| Records supplied |
Definition cycles (k : int) := (Sdeg k :&: kermx linD)%MS.
Definition boundaries (k : int) := (Sdeg (k + 1) *m linD)%MS.

(* dim LCH^eps_k = dim (cycles / boundaries). *)
Definition pc_coef (k : int) : nat := (\rank (cycles k) - \rank (boundaries k))%N.

Variable R : realType.
Variable h : 'I_n -> R.

Definition Sfilt (k : int) (t : R) : 'M['F_2]_n :=
  diag_mx (\row_i ((deg i == k) && (h i <= t))%:R).

Definition fcycles (k : int) (t : R) := (Sfilt k t :&: kermx linD)%MS.
Definition fboundaries (k : int) (t : R) := (Sfilt (k + 1) t *m linD)%MS.

(* An interval-module decomposition (barcode) of the persistence module
   t |-> H_k(A^t, d_1^eps), given as an internal direct sum of interval
   submodules: bar j has (nonempty) support I j and is generated by the
   classes of the cycles row j (x t), t \in I j. *)
Definition is_barcode (k : int) (m : nat) (I : 'I_m -> interval R)
    (x : R -> 'M['F_2]_(m, n)) : Prop :=
  (forall j, exists t, t \in I j) /\
  (forall t : R,
     let P : 'M['F_2]_m := diag_mx (\row_j (t \in I j)%:R) in
     (P *m x t <= fcycles k t)%MS /\
     (fcycles k t <= P *m x t + fboundaries k t)%MS /\
     (forall a : 'rV['F_2]_m,
        (a *m (P *m x t) <= fboundaries k t)%MS -> a *m P = 0)) /\
  (forall (j : 'I_m) (s t : R), s <= t -> s \in I j ->
     if t \in I j then (row j (x s) - row j (x t) <= fboundaries k t)%MS
     else (row j (x s) <= fboundaries k t)%MS).

End CE.

(* A bar is finite iff it is supported on a bounded interval. *)
Definition bounded_itv (R : numDomainType) (I : interval R) : bool :=
  match I with
  | Interval (BSide _ _) (BSide _ _) => true
  | _ => false
  end.

Definition nfinite (R : numDomainType) (m : nat) (I : 'I_m -> interval R) : nat :=
  #|[set j : 'I_m | bounded_itv (I j)]|.

From HB Require Import structures.
From mathcomp Require Import all_boot all_order all_algebra.
From mathcomp Require Import reals.
From mathcomp Require Import zify.
Set Implicit Arguments. Unset Strict Implicit. Unset Printing Implicit Defensive.
Import Order.TTheory GRing.Theory Num.Theory.
Local Open Scope ring_scope.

| What the task asks |
The answer is the run of lines above from the line containing "Definition is_barcode (k" through the line containing "if t \in I j", copied exactly and alone.

| Output of the task |
Definition is_barcode (k : int) (m : nat) (I : 'I_m -> interval R)
    (x : R -> 'M['F_2]_(m, n)) : Prop :=
  (forall j, exists t, t \in I j) /\
  (forall t : R,
     let P : 'M['F_2]_m := diag_mx (\row_j (t \in I j)%:R) in
     (P *m x t <= fcycles k t)%MS /\
     (fcycles k t <= P *m x t + fboundaries k t)%MS /\
     (forall a : 'rV['F_2]_m,
        (a *m (P *m x t) <= fboundaries k t)%MS -> a *m P = 0)) /\
  (forall (j : 'I_m) (s t : R), s <= t -> s \in I j ->
     if t \in I j then (row j (x s) - row j (x t) <= fboundaries k t)%MS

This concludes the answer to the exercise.